後輩への声がけ
“アジャ”の愛称で親しまれるロッテの井上晴哉。シーズン最終盤の9月、7日の西武戦で本塁打を含む3打点をマークすれば、同月14日の日本ハム戦では決勝の適時打を放つなど、9・10月は打率.295(88-26)、4本塁打、19打点と復活の兆しを見せた。
井上は今年の7月で33歳となり、“ベテラン”と呼ばれるような年齢に差し掛かってきた。その中で、プレー面での活躍だけでなく、今季は若い選手に積極的に声をかけたり、盛り上げる場面が目立った。
6月17日のヤクルトとの二軍戦、高卒2年目の西川僚祐がレフトへ本塁打を放ち、ベンチに戻ってくると、井上、柿沼友哉、廣畑敦也らでお笑いコンビレギュラーの西川くんの気絶ポーズでお出迎え。西川は「あれは(井上)晴哉さんが考えてくれたやつなので、晴哉さんがベンチにいてからこそのという感じがあります」と舞台裏を教えてくれた。
8月11日のソフトバンク戦では、トミー・ジョン手術から2年ぶりに一軍のマウンドに帰ってきた種市篤暉が降板後、ベンチで井上と話し合っている場面もあった。「長く一緒にリハビリをしたり、一軍の感覚はこうだったよなと話をしたりコミュニケーションは、野手よりピッチャーの方でリハビリトレーニングをやっていた。投手と喋る機会が多かった」と、井上も昨年10月29日に右手関節三角繊維軟骨損傷に対しての関節鏡下にて縫合術を受け長い期間リハビリに励み、その間に投手陣と会話することが増えたという。
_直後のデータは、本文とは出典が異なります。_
(* Let $\kappa$ be an infinite cardinal and let $B(\kappa)=(\kappa^{\aleph_0},\mathcal U)$ be the countable power of the discrete uniform space of cardinality $\kappa$. Then $B(\kappa)$ is co-universal in the class of all non-archimedean uniform spaces whose uniformity is induced by a complete metric and whose topological weight is $\le\kappa$: that is, $B(\kappa)$ belongs to this class, and for every (nonempty) $Y$ in this class there exists a uniformly continuous surjection $f\colon B(\kappa)\to Y$ which is a quotient map of topological spaces.
   Context: A uniform space is non-archimedean if its uniformity has a base consisting of equivalence relations. All uniform spaces are Hausdorff. *)

From HB Require Import structures.
From mathcomp Require Import all_boot all_order all_algebra.
From mathcomp Require Import all_classical all_reals.
From mathcomp Require Import topology.
Set Implicit Arguments. Unset Strict Implicit. Unset Printing Implicit Defensive.
Import Order.TTheory GRing.Theory Num.Theory.
Local Open Scope classical_set_scope.
Local Open Scope ring_scope.

Definition equiv_rel_set {U : Type} (E : set (U * U)) : Prop :=
  [/\ (forall x, E (x, x)),
      (forall x y, E (x, y) -> E (y, x)) &
      (forall x y z, E (x, y) -> E (y, z) -> E (x, z))].

Definition non_archimedean (U : uniformType) : Prop :=
  forall E : set (U * U), entourage E ->
    exists F : set (U * U), [/\ entourage F, equiv_rel_set F & F `<=` E].

Definition is_metric {R : realType} {U : Type} (d : U -> U -> R) : Prop :=
  [/\ (forall x y, 0 <= d x y),
      (forall x y, d x y = 0 <-> x = y),
      (forall x y, d x y = d y x) &
      (forall x y z, d x z <= d x y + d y z)].

Definition induces_uniformity {R : realType} {U : uniformType}
  (d : U -> U -> R) : Prop :=
  forall E : set (U * U),
    entourage E <-> exists2 e : R, 0 < e & [set p | d p.1 p.2 < e] `<=` E.

Definition complete_metric {R : realType} {U : Type} (d : U -> U -> R) : Prop :=
  forall u : nat -> U,
    (forall e : R, 0 < e -> exists N : nat,
       forall m n, (N <= m)%N -> (N <= n)%N -> d (u m) (u n) < e) ->
    exists x : U, forall e : R, 0 < e -> exists N : nat,
       forall n, (N <= n)%N -> d (u n) x < e.

Definition complete_metrizable_unif (R : realType) (U : uniformType) : Prop :=
  exists d : U -> U -> R, [/\ is_metric d, induces_uniformity d & complete_metric d].

Definition weight_le (U : uniformType) (K : Type) : Prop :=
  exists2 B : set (set U), basis B & (B #<= [set: K])%card.

Definition in_class (R : realType) (K : Type) (U : uniformType) : Prop :=
  [/\ non_archimedean U, complete_metrizable_unif R U & weight_le U K].

Definition Bk (K : choiceType) : uniformType :=
  {ptws nat -> discrete_topology K}.

Definition quotient_map {X Y : topologicalType} (f : X -> Y) : Prop :=
  [/\ continuous f,
      (forall y, exists x, f x = y) &
      (forall A : set Y, open (f @^-1` A) -> open A)].

From HB Require Import structures.
From mathcomp Require Import all_boot all_order all_algebra.
From mathcomp Require Import all_classical all_reals.
From mathcomp Require Import finmap topology.
Set Implicit Arguments. Unset Strict Implicit. Unset Printing Implicit Defensive.
Import Order.TTheory GRing.Theory Num.Theory.
Local Open Scope classical_set_scope.

(* B(kappa) is a complete ultrametric space for the distance 1/(n+1), where n is
   the first index at which two sequences differ; its cylinders are indexed by
   finite sequences over kappa, and there are only kappa of them because
   kappa * kappa injects into kappa (Zorn's lemma on partial pairing functions).

   Conversely, a complete non-archimedean Y of weight <= kappa has a decreasing
   base (E n) of equivalence entourages and a base (G k) indexed by kappa.  Read
   x in kappa^N as a path: at step n move to a point of G (x n) in the E n-class
   of the current point, if there is one.  The path is E-Cauchy and its limit
   f x is determined up to E n by the first n letters of x, so f is uniformly
   continuous.  Coding y by basic sets shrinking to y gives f (code y) = y, and
   any z in the E n-class of y is the image of the sequence that follows the
   code of y for n steps and the code of z afterwards: the image of every
   cylinder around code y contains an E-neighbourhood of y, which makes f a
   quotient map. *)

(** * Cardinal arithmetic *)

Lemma Zorn_bigcup_above T (P : set (set T)) (s0 : set T) : P s0 ->
  (forall F : set (set T), F `<=` P -> total_on F subset ->
     P (\bigcup_(X in F) X)) ->
  exists A, [/\ P A, s0 `<=` A & forall B, A `<` B -> ~ P B].
Proof.
move=> Ps0 Pchain.
have [A [PAs0 Amax]] : exists A, P (A `|` s0) /\ forall B, A `<` B -> ~ P (B `|` s0).
  apply: Zorn_bigcup => F FP Ftot.
  have -> : \bigcup_(X in F) X `|` s0 =
      \bigcup_(X in [set s0] `|` [set X `|` s0 | X in F]) X.
    apply/seteqP; split => [x [[X FX Xx]|s0x]|x [_ [->|[X FX <-]] Xx]].
    - by exists (X `|` s0); [right; exists X|left].
    - by exists s0; [left|].
    - by right.
    - by case: Xx => [Xx|]; [left; exists X|right].
  apply: Pchain; first by move=> _ [->|[X /FP PX <-]].
  move=> _ _ [->|[X FX <-]] [->|[Y FY <-]];
    try by [left|right|left; apply: subsetUr|right; apply: subsetUr].
  by case: (Ftot X Y) => // XY; [left|right]; exact: setSU.
exists (A `|` s0); split => // B AB PB.
have s0B : s0 `<=` B := subset_trans (@subsetUr _ A s0) (properW AB).
apply: (Amax B); last by rewrite setUidl.
split; first exact: subset_trans (@subsetUl _ A s0) (properW AB).
by move=> BA; case: AB => _; apply; apply: subset_trans BA (@subsetUl _ A s0).
Qed.

Lemma total_bigcup2 T (F : set (set T)) p q : total_on F subset ->
  (\bigcup_(X in F) X) p -> (\bigcup_(X in F) X) q ->
  exists2 X, F X & X p /\ X q.
Proof.
move=> Ftot [X FX Xp] [Y FY Yq].
case: (Ftot X Y FX FY) => [XY|YX]; first by exists Y => //; split => //; apply: XY.
by exists X => //; split => //; apply: YX.
Qed.
(* Let $n\ge3$. Every optimal solution $V$ of the program $(\Gamma)$ associated to the game $CL(n)$ has rank at least $(4n-8)/3$.
   Context: Graph games: for a finite simple graph $\mathcal{G}$ with totally ordered vertex set and $e\ge1$ edges, the XOR game $A_{\mathcal{G}}$ has columns indexed by vertices and, for each edge $\{i,j\}$ with $i<j$, the two rows $(e_i-e_j)/(4e)$ and $(e_i+e_j)/(4e)$. $CL(n)$ is $A_{\mathcal{G}}$ where $\mathcal{G}$ has as vertices the nonempty subsets $S\subseteq\{1,\dots,n\}$ (in a fixed total order), with an edge between distinct $S,T$ iff $|S||T|-|S\cap T|$ is odd (equivalently $Y_SY_T=-Y_TY_S$ in the Clifford algebra generated by $Y_1,\dots,Y_n$ with $Y_i^2=1$, $Y_iY_j=-Y_jY_i$, $Y_S=Y_{i_1}\cdots Y_{i_k}$ for $S=\{i_1<\dots<i_k\}$). For a game with cost matrix $G$ with columns indexed by a set $J$, $(\Gamma)$ is the problem of maximizing $\sum_i\sqrt{\sum_{j,k}G_{ij}G_{ik}V_{jk}}$ over real positive semidefinite $J\times J$ matrices $V$ with all diagonal entries equal to $1$. *)

From HB Require Import structures.
From mathcomp Require Import all_boot all_order all_algebra.
Set Implicit Arguments. Unset Strict Implicit. Unset Printing Implicit Defensive.
Import Order.TTheory GRing.Theory Num.Theory.
Local Open Scope ring_scope.

(* A finite simple graph on the totally ordered vertex set 'I_m
   (order = the order of ordinals), given by a relation adj, assumed
   symmetric and irreflexive where relevant. *)

Definition graph_edges (m : nat) (adj : rel 'I_m) : seq ('I_m * 'I_m) :=
  [seq p : 'I_m * 'I_m <- [seq (i, j) | i <- enum 'I_m, j <- enum 'I_m]
   | (p.1 < p.2)%N && adj p.1 p.2 :> bool].

Definition graph_game_rows (R : fieldType) (m : nat) (adj : rel 'I_m)
  : seq 'rV[R]_m :=
  let E := graph_edges adj in
  let e := size E in
  flatten [seq [:: (4 * e)%:R^-1 *: (delta_mx 0 p.1 - delta_mx 0 p.2);
                   (4 * e)%:R^-1 *: (delta_mx 0 p.1 + delta_mx 0 p.2)]
          | p <- E].
Fixpoint qp_ins (t : qmonom * Q) (p : qmpoly) : qmpoly :=
  match p with
  | [::] => [:: t]
  | t' :: p' =>
      if t.1 == t'.1 then
        let c := Qred (Qplus t.2 t'.2) in
        if Qeq_bool c 0 then p' else (t.1, c) :: p'
      else t' :: qp_ins t p'
  end.

Definition qp_norm (p : qmpoly) : qmpoly := foldr qp_ins [::] p.
Definition qp_const (c : Q) : qmpoly := [:: ([::], c)].
Definition qp_var (i : nat) : qmpoly := [:: ([:: i], Qmake 1 1)].
Definition qp_add (p q : qmpoly) : qmpoly := qp_norm (p ++ q).
Definition qp_opp (p : qmpoly) : qmpoly := [seq (t.1, Qopp t.2) | t <- p].
Definition qp_scale (c : Q) (p : qmpoly) : qmpoly :=
  qp_norm [seq (t.1, Qred (Qmult c t.2)) | t <- p].
Definition qp_mul (p q : qmpoly) : qmpoly :=
  qp_norm [seq (sort leq (t.1 ++ t'.1), Qred (Qmult t.2 t'.2)) | t <- p, t' <- q].
Definition qp_sum (ps : seq qmpoly) : qmpoly := foldr qp_add [::] ps.

Section Evaluation.
Variable F : fieldType.
Hypothesis charF : [pchar F] =i pred0.
Variable rho : nat -> F.

Definition qp_eval (p : qmpoly) : F :=
  \sum_(t <- p) ratQ F t.2 * \prod_(i <- t.1) rho i.

Lemma qp_eval_cons t p :
  qp_eval (t :: p) = ratQ F t.2 * \prod_(i <- t.1) rho i + qp_eval p.
Proof. by rewrite /qp_eval big_cons. Qed.

Lemma qp_eval_nil : qp_eval [::] = 0.
Proof. by rewrite /qp_eval big_nil. Qed.

Lemma qp_eval_ins t p : qp_eval (qp_ins t p) = qp_eval (t :: p).
Proof.
elim: p => [|t' p IH] //; rewrite [qp_ins _ _]/=.
case: eqP => [e|_]; last by rewrite !qp_eval_cons IH qp_eval_cons addrCA.
have sumE : ratQ F (Qred (Qplus t.2 t'.2)) = ratQ F t.2 + ratQ F t'.2.
  by rewrite (ratQ_red charF) (ratQD charF).
case: ifP => [/Qeq_bool_eq/(ratQ_eq charF) c0|_].
  rewrite !qp_eval_cons -e addrA -mulrDl -sumE c0.
  by rewrite /ratQ /= mul0r mul0r add0r.
by rewrite !qp_eval_cons sumE e mulrDl addrA.
Qed.

Lemma qp_eval_norm p : qp_eval (qp_norm p) = qp_eval p.
Proof. by elim: p => [|t p IH] //=; rewrite qp_eval_ins !qp_eval_cons IH. Qed.

Lemma qp_eval_const c : qp_eval (qp_const c) = ratQ F c.
Proof. by rewrite qp_eval_cons qp_eval_nil big_nil mulr1 addr0. Qed.

Lemma qp_eval_var i : qp_eval (qp_var i) = rho i.
Proof. by rewrite qp_eval_cons qp_eval_nil big_seq1 addr0 /ratQ /= divr1 mul1r. Qed.

Lemma qp_evalD p q : qp_eval (qp_add p q) = qp_eval p + qp_eval q.
Proof. by rewrite /qp_add qp_eval_norm /qp_eval big_cat. Qed.

Lemma qp_evalN p : qp_eval (qp_opp p) = - qp_eval p.
Proof.
by rewrite /qp_eval big_map -sumrN; apply: eq_bigr => t _; rewrite ratQN mulNr.
Qed.

Lemma qp_evalZ c p : qp_eval (qp_scale c p) = ratQ F c * qp_eval p.
Proof.
rewrite /qp_scale qp_eval_norm /qp_eval big_map mulr_sumr.
by apply: eq_bigr => t _; rewrite (ratQ_red charF) (ratQM charF) mulrA.
Qed.

Lemma qp_evalM p q : qp_eval (qp_mul p q) = qp_eval p * qp_eval q.
Proof.
rewrite /qp_mul qp_eval_norm /qp_eval big_allpairs_dep mulr_suml.
apply: eq_bigr => t _; rewrite mulr_sumr; apply: eq_bigr => t' _ /=.
rewrite (ratQ_red charF) (ratQM charF) (perm_big _ (permEl (perm_sort leq _))) big_cat /=.
ring.
Qed.

Lemma qp_eval_sum ps : qp_eval (qp_sum ps) = \sum_(p <- ps) qp_eval p.
Proof. by elim: ps => [|p ps IH]; rewrite ?big_nil ?qp_eval_nil // big_cons qp_evalD IH. Qed.

End Evaluation.

Definition factor_closed (S : seq word) : Prop :=
  forall w, w \in S -> forall j, (take j w \in S) && (drop j w \in S).

Section CoefficientVectors.
Variable S : seq word.

Definition cvec := seq qmpoly.

Definition cv_get (Z : cvec) (w : word) : qmpoly := nth [::] Z (index w S).
Definition cv_build (f : word -> qmpoly) : cvec := map f S.

Definition cv_zero : cvec := cv_build (fun _ => [::]).
Definition cv_mono (w0 : word) : cvec :=
  cv_build (fun w => if w == w0 then qp_const (Qmake 1 1) else [::]).
Definition cv_var (off : nat) : cvec :=
  cv_build (fun w => if w == [::] then [::] else qp_var (off + index w S)).
Definition cv_add (Z1 Z2 : cvec) : cvec :=
  cv_build (fun w => qp_add (cv_get Z1 w) (cv_get Z2 w)).
Definition cv_opp (Z : cvec) : cvec := cv_build (fun w => qp_opp (cv_get Z w)).
Definition cv_sub (Z1 Z2 : cvec) : cvec := cv_add Z1 (cv_opp Z2).
Definition cv_scale (c : Q) (Z : cvec) : cvec :=
  cv_build (fun w => qp_scale c (cv_get Z w)).
Definition cv_pscale (c : qmpoly) (Z : cvec) : cvec :=
  cv_build (fun w => qp_mul c (cv_get Z w)).
Definition cv_mul (Z1 Z2 : cvec) : cvec := cv_build (fun w =>
  qp_sum [seq qp_mul (cv_get Z1 (take j w)) (cv_get Z2 (drop j w))
         | j <- iota 0 (size w).+1]).

Fixpoint cv_pow (Z : cvec) (k : nat) : cvec :=
  match k with 0 | 1 => Z | k'.+1 => cv_mul (cv_pow Z k') Z end.

Definition cv_series (c : nat -> Q) (Z : cvec) : cvec :=
  foldr (fun k acc => cv_add (cv_scale (c k) (cv_pow Z k)) acc) cv_zero
        (index_iota 1 8).

Definition cv_bch (Z1 Z2 : cvec) : cvec :=
  let a := cv_series exp_coef Z1 in let b := cv_series exp_coef Z2 in
  cv_series log_coef (cv_add (cv_add a b) (cv_mul a b)).
Definition cv_gcomm (Z1 Z2 : cvec) : cvec :=
  cv_bch (cv_bch (cv_bch (cv_opp Z1) (cv_opp Z2)) Z1) Z2.
Definition cv_grp_engel (n : nat) (Z1 Z2 : cvec) : cvec :=
  iter n (fun Z => cv_gcomm Z Z2) Z1.
Definition cv_lbr (Z1 Z2 : cvec) : cvec := cv_sub (cv_mul Z1 Z2) (cv_mul Z2 Z1).
Definition cv_lie_engel (n : nat) (Z1 Z2 : cvec) : cvec :=
  iter n (fun Z => cv_lbr Z Z2) Z1.

Definition cv_eq0 (Z : cvec) : bool := all (fun w => nilp (cv_get Z w)) S.

Section Representation.
Variable F : fieldType.
Hypothesis charF : [pchar F] =i pred0.
Variable rho : nat -> F.
Implicit Types p q : ncpoly F.

Definition cv_repr (Z : cvec) p : Prop :=
  {in S, forall w, qp_eval rho (cv_get Z w) = p w}.

Lemma cv_get_build f w : w \in S -> cv_get (cv_build f) w = f w.
Proof. by move=> wS; rewrite /cv_get (nth_map [::]) ?index_mem // nth_index. Qed.

Lemma cv_repr_zero : cv_repr cv_zero (pzero F).
Proof. by move=> w wS; rewrite cv_get_build // qp_eval_nil. Qed.

Lemma cv_repr_mono w0 : cv_repr (cv_mono w0) (mono F w0).
Proof.
move=> w wS; rewrite cv_get_build // /mono.
by case: eqP => _; rewrite ?qp_eval_nil // qp_eval_const /ratQ /= divr1.
Qed.

Lemma cv_repr_var off p : p [::] = 0 ->
  {in S, forall w, rho (off + index w S) = p w} -> cv_repr (cv_var off) p.
Proof.
move=> p0 hp w wS; rewrite cv_get_build //.
by case: eqP => [->|_]; rewrite ?qp_eval_nil ?p0 // qp_eval_var hp.
Qed.

Lemma cv_repr_add Z1 Z2 p q :
  cv_repr Z1 p -> cv_repr Z2 q -> cv_repr (cv_add Z1 Z2) (padd p q).
Proof. by move=> h1 h2 w wS; rewrite cv_get_build // (qp_evalD charF) h1 // h2. Qed.

Lemma cv_repr_opp Z p : cv_repr Z p -> cv_repr (cv_opp Z) (popp p).
Proof. by move=> h w wS; rewrite cv_get_build // qp_evalN h. Qed.

Lemma cv_repr_sub Z1 Z2 p q :
  cv_repr Z1 p -> cv_repr Z2 q -> cv_repr (cv_sub Z1 Z2) (psub p q).
Proof. by move=> h1 h2; apply: cv_repr_add h1 (cv_repr_opp h2). Qed.

Lemma cv_repr_scale c k Z p :
  ratQ F c = k -> cv_repr Z p -> cv_repr (cv_scale c Z) (pscale k p).
Proof. by move=> ck h w wS; rewrite cv_get_build // (qp_evalZ charF) h // ck. Qed.

Lemma cv_repr_pscale c Z p : cv_repr Z p ->
  cv_repr (cv_pscale c Z) (pscale (qp_eval rho c) p).
Proof. by move=> h w wS; rewrite cv_get_build // (qp_evalM charF) h. Qed.

Hypothesis S_closed : factor_closed S.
「その機会じゃないと投手と喋ることがなかった。それを機会に喋るようになって、種市もリハビリで一緒だったので、昨日(8月12日取材)投げて2年ぶりやっと投げられたなという会話はしました」と明かした。
ポジションを争う後輩
ここ数年、安田尚憲、山口航輝といった将来を担う若手の大砲候補が台頭。夏場、井上の当たりが止まっていた時期には、山口が一塁のスタメンで出場し、井上がベンチスタートということもあった。
井上自身、安田や山口といったポジションを争う若手選手についてどう思っているのだろうかーー。
「同じチームメイトですし、本当はバチバチやりたいけど、そういう感じでもない。見せつけるというのは一番大事だと思うんですけど、彼らが試合に出ている以上は応援をしたい。ライバルではあるし、試合は出ていたら応援をしたいですね」。ベンチスタートが多かった8月12日のオンライン取材で井上はこのように答えている。
「思い悩んでいるようだったら声をかけたりはしますし、あんまり若い子達には下を向いて欲しくないなと思っているので、極力明るい話題、野球と関係のない話を振ったりして、あんまり下を向かせないようにしています」。
井上自身も若い時に当時現役だった福浦和也コーチ、細谷圭さんから声をかけてもらっていた。先輩から教わってきたことを、井上自身もやろうとしているのだろうかーー。
「そうですね、僕も結果次第で気持ち的に沈んだりしたので、その時に先輩方が声をかけていただいて、なるほどな、野球以外のことを考えてその打席を忘れるというか、次に切り替えろというところで切り替えられないのがある。そのなかでも普通の会話ができれば、気持ちにもまだ余裕があるのかなと声をかけたりします」。
先輩から学んだこと、よくしてもらったことを後輩へ良い伝統として受け継がれている。井上をはじめとした一軍経験豊富な選手たちが、若い選手たちがプレーしやすい環境を作っているのだろう。来年は若手、中堅、ベテランがうまく噛み合って優勝すればさらに良い。